● **WHAT TO DO**
Report how many lines of the records below include the word "eapply". Give nothing but the number.

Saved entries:
Fixpoint holds (G : groupStr) (s : nat -> G) (f : qfformula) : Prop :=
  match f with
  | FTrue => True
  | FFalse => False
  | FEq a b => geq (eval_term s a) (eval_term s b)
  | FNot g => ~ holds s g
  | FAnd g h => holds s g /\ holds s h
  | FOr g h => holds s g \/ holds s h
  | FImp g h => holds s g -> holds s h
  end.

(* A universal sentence  forall x_0 ... x_n, phi  (phi quantifier-free) holds
   in G iff phi holds under every assignment of the variables. *)
Definition satisfies_universal (G : groupStr) (phi : qfformula) : Prop :=
  forall s : nat -> G, holds s phi.

Definition universally_equivalent (G H : groupStr) : Prop :=
  forall phi : qfformula, satisfies_universal G phi <-> satisfies_universal H phi.

Definition simplicial {V : finType} (e : rel V) : Prop :=
  symmetric e /\ irreflexive e.

Definition inflation_rel {V : finType} (e : rel V) (m : nat) : rel (V * 'I_m) :=
  fun p q => ((p.1 == q.1) && (p.2 != q.2)) || ((p.1 != q.1) && e p.1 q.1).

(* Words in the letters v^{+1} (v,true) and v^{-1} (v,false). *)
Definition letter_inv {V : Type} (x : V * bool) : V * bool := (x.1, ~~ x.2).
Definition word_inv {V : Type} (w : seq (V * bool)) : seq (V * bool) :=
  rev (map letter_inv w).

(* The congruence on words generated by free cancellation and the relations
   [x,y] = 1 for (x,y) an edge. *)
Inductive raag_eq {V : Type} (e : rel V) : seq (V * bool) -> seq (V * bool) -> Prop :=
  | raag_refl w : raag_eq e w w
  | raag_sym u w : raag_eq e u w -> raag_eq e w u
  | raag_trans u v w : raag_eq e u v -> raag_eq e v w -> raag_eq e u w
  | raag_cancel u v x : raag_eq e (u ++ x :: letter_inv x :: v) (u ++ v)
  | raag_comm u v a b : e a b ->
      raag_eq e (u ++ (a, true) :: (b, true) :: v) (u ++ (b, true) :: (a, true) :: v).

Definition RAAG {V : Type} (e : rel V) : groupStr :=
  @GroupStr (seq (V * bool)) (raag_eq e) cat word_inv [::].
Arguments inflation_rel {V} e m.
Lemma integrand_lipschitz (b y z : R) : 1 < Rabs b -> Rabs y <= 1 -> Rabs z <= 1 ->
  Rabs (integrand b y - integrand b z) <= Rabs b / (Rabs b - 1) ^ 2 * Rabs (y - z).
Proof.
  intros Hb Hy Hz. unfold integrand.
  pose proof (abs_shift_lower b y Hy); pose proof (abs_shift_lower b z Hz).
  assert (b + y <> 0) by (intro E; rewrite E, Rabs_R0 in H; lra).
  assert (b + z <> 0) by (intro E; rewrite E, Rabs_R0 in H0; lra).
  replace (b / (b + y) - b / (b + z)) with (b * (z - y) / ((b + y) * (b + z)))
    by (field; auto).
  replace (Rabs b / (Rabs b - 1) ^ 2 * Rabs (y - z))
    with (Rabs b * Rabs (y - z) / ((Rabs b - 1) * (Rabs b - 1))) by (field; lra).
  apply abs_quotient_bound; try lra.
  rewrite Rabs_mult, (Rabs_minus_sym z y). lra.
Qed.

Lemma integrand_param_lipschitz (b beta x : R) : 1 < Rabs b ->
  Rabs (beta - b) <= (Rabs b - 1) / 2 -> 0 <= x <= 1 ->
  Rabs (integrand beta x - integrand b x) <= 2 / (Rabs b - 1) ^ 2 * Rabs (beta - b).
Proof.
  intros Hb Hbeta Hx. unfold integrand.
  assert (Hx1 : Rabs x <= 1) by (rewrite Rabs_right; lra).
  pose proof (abs_shift_lower b x Hx1).
  assert (H1 : (Rabs b - 1) / 2 <= Rabs (beta + x)).
  { pose proof (Rabs_triang_inv (b + x) (b - beta)).
    replace (b + x - (b - beta)) with (beta + x) in H0 by ring.
    rewrite (Rabs_minus_sym b beta) in H0. lra. }
  assert (beta + x <> 0) by (intro E; rewrite E, Rabs_R0 in H1; lra).
  assert (b + x <> 0) by (intro E; rewrite E, Rabs_R0 in H; lra).
  replace (beta / (beta + x) - b / (b + x)) with (x * (beta - b) / ((beta + x) * (b + x)))
    by (field; auto).
  replace (2 / (Rabs b - 1) ^ 2 * Rabs (beta - b))
    with (Rabs (beta - b) / ((Rabs b - 1) / 2 * (Rabs b - 1))) by (field; lra).
  apply abs_quotient_bound; try lra.
  rewrite Rabs_mult. pose proof (Rabs_pos (beta - b)).
  rewrite <- (Rmult_1_l (Rabs (beta - b))) at 2. apply Rmult_le_compat_r; lra.
Qed.

Definition sb (b : R) : R := sqrt (b ^ 2 - 1).

Lemma sb_facts (b : R) : 1 < Rabs b -> 0 < sb b /\ sb b * sb b = b * b - 1.
Proof.
  intros Hb. assert (1 < b * b) by (destruct (abs_gt1_cases b Hb); nra).
  unfold sb. split.
  - apply sqrt_lt_R0. nra.
  - rewrite sqrt_sqrt; nra.
Qed.
(* Let $\gamma\ge 2$ be an integer, $\delta>0$, and let $\mu$ range over an arbitrary parameter set. Let $F(\rho,\mu)$ be complex valued with $F(\cdot,\mu)\in C^{\gamma+1}([0,\delta))$ for each $\mu$, and set $a_j(\mu)=\partial_\rho^jF(0,\mu)/j!$. Assume (F1) $a_0(\mu)=a_1(\mu)=0$ for all $\mu$; (F2) there is $C>0$ with $\sum_{j=2}^{\gamma}|a_j(\mu)|\ge C$ for all $\mu$; (F3) for each $\mu$, $|\partial_\rho F(\rho,\mu)|$ is increasing in $\rho$ for $0<\rho<\delta$; (F4) for each $k\le\gamma+1$, $\partial_\rho^kF(\rho,\mu)$ is bounded uniformly in $0<\rho<\delta$ and $\mu$. Then, provided $\delta$ is sufficiently small (depending only on $\gamma$ and the constants in (F2), (F4)), there exist constants $C>0$ and $C_m>0$ such that for all $0<\rho<\delta$, all $\mu$, and all integers $1\le m\le\gamma+1$, $$|\partial_\rho F(\rho,\mu)|\ge C\rho^{\gamma-1}\qquad\text{and}\qquad |\partial_\rho^mF(\rho,\mu)|\le C_m\rho^{1-m}|\partial_\rho F(\rho,\mu)|.$$ *)

From Stdlib Require Import Reals Arith.
Open Scope R_scope.

(* A complex number is represented by its real and imaginary parts;
   its modulus is sqrt (re^2 + im^2). *)
Definition cmod (re im : R) : R := sqrt (re * re + im * im).

Definition has_rderiv (f : R -> R) (x l : R) : Prop :=
  forall eps : R, 0 < eps -> exists d : R, 0 < d /\
    forall h : R, 0 < h < d -> Rabs ((f (x + h) - f x) / h - l) < eps.

Definition cont_on_0d (f : R -> R) (delta : R) : Prop :=
  forall x : R, 0 <= x < delta -> forall eps : R, 0 < eps ->
    exists d : R, 0 < d /\ forall y : R, 0 <= y < delta -> Rabs (y - x) < d ->
      Rabs (f y - f x) < eps.

(* D : nat -> R -> R is the list of derivatives of the real function D 0,
   which is C^n on [0, delta): for k < n, D (k+1) is the derivative of D k
   on (0, delta) and the right derivative at 0; D n is continuous on [0, delta). *)
Definition Cn_on_0d (n : nat) (delta : R) (D : nat -> R -> R) : Prop :=
  (forall k : nat, (k < n)%nat ->
     (forall x : R, 0 < x < delta -> derivable_pt_lim (D k) x (D (S k) x)) /\
     has_rderiv (D k) 0 (D (S k) 0)) /\
  cont_on_0d (D n) delta.

(* Fix mu, write Dr, Di for the chains of rho-derivatives of Re F, Im F,
   let g = gamma and A = |F'(rho)|.
   1. Taylor's formula with remainder bound (lemma [taylor]), proved by
      iterating a mean value estimate, gives for 0 < s <= rho
        |Re F'(s) - sum_{i<g} c_i s^i| <= (Bp / g!) rho^g,  c_i = coef Dr 1 i,
      and similarly for Im F'.  By (F3), |F'(s)| <= A on (0, rho].
   2. Hence the polynomial t |-> sum c_i rho^i t^i is bounded by A + O(rho^g)
      on (0, 1]; by equivalence of norms on polynomials of degree < g
      ([poly_coef_bound]) its coefficients satisfy
        sum_i |c_i| rho^i <= Kpoly(g) (A + (Bp / g!) rho^g).
   3. By (F2) the left side (real + imaginary) is >= C0 rho^(g-1); for
      rho < delta0 the remainder is absorbed, giving A >= Clow rho^(g-1).
   4. Taylor's formula for F^(m) of order g+1-m expresses F^(m)(rho) through
      the same coefficients c_i (shifted and rescaled) plus a remainder
      O(rho^g) = O(A); this gives |F^(m)(rho)| <= Cder rho^(1-m) A. *)

From Stdlib Require Import Reals Arith Lra Lia.
Open Scope R_scope.

(* The modulus dominates both parts and is dominated by their sum; this lets
   every estimate be proved separately for the real and imaginary parts. *)
Lemma cmod_re (a b : R) : Rabs a <= cmod a b.
Proof. unfold cmod; rewrite <- sqrt_Rsqr_abs; apply sqrt_le_1_alt; unfold Rsqr; nra. Qed.

Lemma cmod_im (a b : R) : Rabs b <= cmod a b.
Proof. unfold cmod; rewrite <- sqrt_Rsqr_abs; apply sqrt_le_1_alt; unfold Rsqr; nra. Qed.

Lemma cmod_le_sum (a b : R) : cmod a b <= Rabs a + Rabs b.
Proof.
  pose proof (Rabs_pos a); pose proof (Rabs_pos b).
  unfold cmod; rewrite <- (sqrt_Rsqr (Rabs a + Rabs b)) by lra.
  apply sqrt_le_1_alt.
  replace (a * a + b * b) with (a² + b²) by reflexivity.
  rewrite (Rsqr_abs a), (Rsqr_abs b); unfold Rsqr; nra.
Qed.

Lemma cmod_nonneg (a b : R) : 0 <= cmod a b.
Proof. apply sqrt_pos. Qed.

Lemma pow_le_one (x : R) (n : nat) : 0 <= x <= 1 -> x ^ n <= 1.
Proof.
  intros Hx; induction n as [|n IH]; simpl; [lra|].
  assert (0 <= x ^ n) by (apply pow_le; lra); nra.
Qed.

Lemma pow_decr (x : R) (i j : nat) : 0 <= x <= 1 -> (i <= j)%nat -> x ^ j <= x ^ i.
Proof.
  intros Hx Hij; replace j with (i + (j - i))%nat by lia; rewrite pow_add.
  assert (0 <= x ^ i) by (apply pow_le; lra).
  assert (x ^ (j - i) <= 1) by (apply pow_le_one; lra); nra.
Qed.

Lemma inv_fact_le_one (n : nat) : / INR (fact n) <= 1.
Proof.
  assert (1 <= INR (fact n)).
  { change 1 with (INR 1); apply le_INR; pose proof (lt_O_fact n); lia. }
  rewrite <- Rinv_1; apply Rinv_le_contravar; lra.
Qed.

Fixpoint sumN (w : nat -> R) (n : nat) : R :=
  match n with O => 0 | S n' => sumN w n' + w n' end.

Lemma sumN_le (w1 w2 : nat -> R) (n : nat) :
  (forall i, (i < n)%nat -> w1 i <= w2 i) -> sumN w1 n <= sumN w2 n.
Proof.
  induction n as [|n IH]; simpl; intros H; [lra|].
  assert (w1 n <= w2 n) by (apply H; lia).
  assert (sumN w1 n <= sumN w2 n) by (apply IH; intros; apply H; lia); lra.
Qed.

Lemma sumN_abs (w : nat -> R) (n : nat) : Rabs (sumN w n) <= sumN (fun i => Rabs (w i)) n.
Proof.
  induction n as [|n IH]; simpl; [rewrite Rabs_R0; lra|].
  eapply Rle_trans; [apply Rabs_triang | lra].
Qed.

Lemma sumN_plus (w1 w2 : nat -> R) (n : nat) :
  sumN (fun i => w1 i + w2 i) n = sumN w1 n + sumN w2 n.
Proof. induction n; simpl; lra. Qed.

Lemma sumN_scal (a : R) (w : nat -> R) (n : nat) : sumN (fun i => a * w i) n = a * sumN w n.
Proof. induction n as [|n IH]; simpl; [ring | rewrite IH; ring]. Qed.

Lemma sumN_nonneg (w : nat -> R) (n : nat) :
  (forall i, (i < n)%nat -> 0 <= w i) -> 0 <= sumN w n.
Proof.
  induction n as [|n IH]; simpl; intros H; [lra|].
  assert (0 <= w n) by (apply H; lia).
  assert (0 <= sumN w n) by (apply IH; intros; apply H; lia); lra.
Qed.

Lemma sumN_const_bound (w : nat -> R) (n : nat) (X : R) :
  (forall i, (i < n)%nat -> w i <= X) -> sumN w n <= INR n * X.
Proof.
  induction n as [|n IH]; intros H; simpl sumN; [simpl; lra|].
  assert (w n <= X) by (apply H; lia).
  assert (sumN w n <= INR n * X) by (apply IH; intros; apply H; lia).
  rewrite S_INR; lra.
Qed.

Lemma sumN_term (w : nat -> R) (n i : nat) :
  (forall j, (j < n)%nat -> 0 <= w j) -> (i < n)%nat -> w i <= sumN w n.
Proof.
  induction n as [|n IH]; simpl; intros H Hi; [lia|].
  assert (0 <= w n) by (apply H; lia).
  destruct (Nat.eq_dec i n) as [->|Hne].
  - assert (0 <= sumN w n) by (apply sumN_nonneg; intros; apply H; lia); lra.
  - assert (w i <= sumN w n) by (apply IH; [intros; apply H; lia | lia]); lra.
Qed.
(** * Polynomials of degree < n on (0, 1] *)

Definition poly (c : nat -> R) (n : nat) (t : R) : R := sumN (fun i => c i * t ^ i) n.

Lemma poly_scale (c : nat -> R) (n : nat) (r t : R) :
  poly c n (r * t) = poly (fun i => c i * r ^ i) n t.
Proof.
  unfold poly; induction n as [|n IH]; simpl sumN; [ring|].
  rewrite IH, Rpow_mult_distr; ring.
Qed.

Lemma poly_abs (c : nat -> R) (n : nat) (t : R) :
  Rabs (poly c n t) <= sumN (fun i => Rabs (c i) * Rabs t ^ i) n.
Proof.
  eapply Rle_trans; [apply sumN_abs|].
  apply sumN_le; intros i _; rewrite Rabs_mult, RPow_abs; lra.
Qed.

(* p(t) - 2^k p(t/2) is again a polynomial; when p has degree k its top
   coefficient vanishes. *)
Lemma poly_half_diff (c : nat -> R) (k n : nat) (t : R) :
  poly c n t - 2 ^ k * poly c n (t / 2) = poly (fun i => c i * (1 - 2 ^ k / 2 ^ i)) n t.
Proof.
  unfold poly; induction n as [|n IH]; simpl sumN; [ring|].
  rewrite <- IH; unfold Rdiv; rewrite Rpow_mult_distr, pow_inv.
  assert (2 ^ n <> 0) by (apply pow_nonzero; lra); field; auto.
Qed.

(* Constants of the equivalence between the sup norm on (0, 1] and the
   l^1 norm of the coefficients of polynomials of degree < n. *)
Fixpoint Kpoly (n : nat) : R :=
  match n with O => 0 | S n' => 1 + 2 * Kpoly n' * (1 + 2 ^ n') end.

Lemma Kpoly_nonneg (n : nat) : 0 <= Kpoly n.
Proof.
  induction n; simpl; [lra|].
  assert (0 < 2 ^ n) by (apply pow_lt; lra); nra.
Qed.

Lemma Kpoly_ge1 (n : nat) : (1 <= n)%nat -> 1 <= Kpoly n.
Proof.
  destruct n as [|n]; [lia|]; intros _; simpl.
  pose proof (Kpoly_nonneg n); assert (0 < 2 ^ n) by (apply pow_lt; lra); nra.
Qed.

Section PolyBound.

Variables (c : nat -> R) (n : nat) (M : R).
Hypothesis Hsup : forall t, 0 < t <= 1 -> Rabs (poly c (S n) t) <= M.

(* Eliminating the top coefficient at the cost of a factor 1 + 2^n. *)
Lemma poly_kill_top (t : R) : 0 < t <= 1 ->
  Rabs (poly (fun i => c i * (1 - 2 ^ n / 2 ^ i)) n t) <= M * (1 + 2 ^ n).
Proof.
  intros Ht.
  assert (Etop : poly (fun i => c i * (1 - 2 ^ n / 2 ^ i)) n t
               = poly (fun i => c i * (1 - 2 ^ n / 2 ^ i)) (S n) t).
  { unfold poly; simpl sumN.
    assert (2 ^ n <> 0) by (apply pow_nonzero; lra).
    replace (2 ^ n / 2 ^ n) with 1 by (field; auto); ring. }
  rewrite Etop, <- poly_half_diff.
  eapply Rle_trans; [apply Rabs_triang|].
  rewrite Rabs_Ropp, Rabs_mult, (Rabs_pos_eq (2 ^ n)) by (apply pow_le; lra).
  assert (Rabs (poly c (S n) t) <= M) by (apply Hsup; lra).
  assert (Rabs (poly c (S n) (t / 2)) <= M) by (apply Hsup; lra).
  assert (0 < 2 ^ n) by (apply pow_lt; lra); nra.
Qed.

● **ANSWER AREA**
3